The valve assembly 38 includes an annular ring 62 that is adapted
to engage valve seat 60 to open and close valve port 54. Valve
assembly 38 includes a temperature responsive actuator 64 operably
coupled to annular ring 62 to move annular ring 62 thereby opening
and closing valve port 54. Actuator 64 is sometimes referred to as
a thermal motor and in one example embodiment it is a piston and
cylinder type device wherein the cylinder is filled with a thermal
sensitive material, such as wax, that expands and contracts causing
the actuator to extend axially upon being heated to a predetermined
temperature.
[0030] It will be seen from FIGS. 1, 2 and 3 that actuator 64 is
located along a central axis of chamber 48 and valve port 54. In an
example embodiment, coaxial chamber 48 and valve port 54 are both
generally cylindrical, with valve port 54 having a smaller diameter
than chamber 48. The cylinder of actuator 64 forms a central shaft
66 disposed along the central axis of chamber 48 and valve port 54.
Central shaft 66 has a closed end portion 68 that has a diameter
less than that of valve port 54. Annular ring 62 is slidably
mounted on central shaft 66, and is located adjacent to closed end
portion 68 in its normal or "cold" position as indicated in FIG. 1.
In the "hot" position shown in FIG. 2, annular ring extends
transversely from the central shaft 66 to engage valve seat 60 to
close valve port 54. The annular ring 62 and closed end portion 68
form a reciprocating plug which moves along the central axis to
open and close valve opening 53.
[0031] As shown in FIG. 3, the valve assembly includes a return
spring 70 that has a first end 40 attached to closed end portion 68
by being located in a groove (not shown) formed in closed end
portion 68. The return spring 70 has a stationary second end 42
that engages a surface of housing 46 that opposes the valve port
54. Return spring 70 thus urges the central shaft 66 away from
valve seat 60 into its retracted position of FIG. 1, and acts as a
stop for preventing annular ring 62 from sliding off central shaft
66 when the ring 62 is lifted off of the valve seat 60 (as shown in
FIG. 1). As seen in FIG. 3, in at least some example embodiments,
the return spring 70 has a coil diameter that gets larger as the
distance from end portion 68 increases, such that the return spring
70 tapers outward from first end 40 to the second end 42, although
different return spring configurations are possible, including for
example those shown in US Patent Application Publication No.
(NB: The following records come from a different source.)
(* Let $c\in(-1,0]$ and let $x,y,z\in[c,1]$ satisfy $x+yz\ge0$, $y+xz\ge0$, $z+xy\ge0$. Then $$2-x^2-y^2+x+yz+y+xz+z+xy\ge 1+c.$$ *)

From Stdlib Require Import Reals Lra Psatz.

(* For x >= 0 the left side is (1 - y (y - z)) + (1 + x - x^2) + (y + x z) + (z + x y):
   the middle term is at least 1, the last two are nonnegative, and y (y - z) <= 1 - c
   on the box [c, 1]^2; the case y >= 0 is symmetric. For x, y <= 0 both squares are at
   most -c, and the three hypotheses bound the rest of the left side from below by 0. *)
From Stdlib Require Import Reals Lra Psatz.
Open Scope R_scope.

Lemma sqr_le_opp_lower (c x : R) : -1 <= c -> c <= x <= 0 -> x ^ 2 <= - c.
Proof. intros Hc Hx; nra. Qed.

Lemma mul_sub_le_one_sub (c y z : R) :
  -1 <= c <= 0 -> c <= y <= 1 -> c <= z <= 1 -> y * (y - z) <= 1 - c.
Proof.
intros Hc Hy Hz.
destruct (Rle_lt_dec 0 y) as [Hy0 | Hy0].
- assert (0 <= y * ((1 - c) - (y - z))) by (apply Rmult_le_pos; lra).
  assert (0 <= (1 - y) * (1 - c)) by (apply Rmult_le_pos; lra).
  lra.
- assert (Hsq : y ^ 2 <= - c) by (apply sqr_le_opp_lower; lra).
  assert (0 <= (- y) * (1 - z)) by (apply Rmult_le_pos; lra).
  nra.
Qed.

Lemma proposition3p1_nonneg (c x y z : R) :
  -1 <= c <= 0 -> 0 <= x <= 1 -> c <= y <= 1 -> c <= z <= 1 ->
  0 <= y + x * z -> 0 <= z + x * y ->
  2 - x ^ 2 - y ^ 2 + x + y * z + y + x * z + z + x * y >= 1 + c.
Proof.
intros Hc Hx Hy Hz Hyxz Hzxy.
assert (Hxx : x ^ 2 <= x) by nra.
assert (Hyz : y * (y - z) <= 1 - c) by (apply mul_sub_le_one_sub; lra).
nra.
Qed.

Lemma proposition3p1_nonpos (c x y z : R) :
  -1 <= c -> c <= x <= 0 -> c <= y <= 0 ->
  0 <= x + y * z -> 0 <= y + x * z -> 0 <= z + x * y ->
  2 - x ^ 2 - y ^ 2 + x + y * z + y + x * z + z + x * y >= 1 + c.
Proof.
intros Hc Hx Hy Hxyz Hyxz Hzxy.
assert (x ^ 2 <= - c) by (apply sqr_le_opp_lower; lra).
assert (y ^ 2 <= - c) by (apply sqr_le_opp_lower; lra).
lra.
Qed.

Theorem proposition3p1 (c x y z : R) :
  -1 < c <= 0 ->
  c <= x <= 1 -> c <= y <= 1 -> c <= z <= 1 ->
  0 <= x + y * z -> 0 <= y + x * z -> 0 <= z + x * y ->
  2 - x ^ 2 - y ^ 2 + x + y * z + y + x * z + z + x * y >= 1 + c.
Proof.
intros Hc Hx Hy Hz Hxyz Hyxz Hzxy.
destruct (Rle_lt_dec 0 x) as [Hx0 | Hx0].
- apply proposition3p1_nonneg; lra.
- destruct (Rle_lt_dec 0 y) as [Hy0 | Hy0].
  + assert (Hswap := proposition3p1_nonneg c y x z).
    rewrite (Rmult_comm y x) in Hswap.
    lra.
  + apply proposition3p1_nonpos; lra.
Qed.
2006/0108435 published May 25, 2006 (Kozdras et al.).
[0032] As best seen in FIG. 3, central shaft 66 includes an inner
annular shoulder 72, and an override spring 74 mounted on central
shaft 66 between shoulder 72 and annular ring 62. The override
spring 74 urges or biases annular ring 62 toward the stop or return
spring 70, and thus toward valve seat 60.
[0033] As best seen in FIGS. 1 and 2, housing 46 defines an
assembly opening 81 to chamber 48 that opposes valve port 54 and
through which the valve assembly 38 of FIG. 3 can be inserted into
chamber 48 during assembly of the by-pass valve 14. A closure cap
80 (shown in greater detail in FIGS. 4-7) is inserted into the
opening 81 to seal the chamber 48 after the valve assembly 38 is in
place. In one example embodiment, closure cap 80 may be formed from
a moldable material such as a plastic material which may be a
thermoplastic or a thermosetting material and which may contain
reinforcement such as glass fiber or particulate reinforcement.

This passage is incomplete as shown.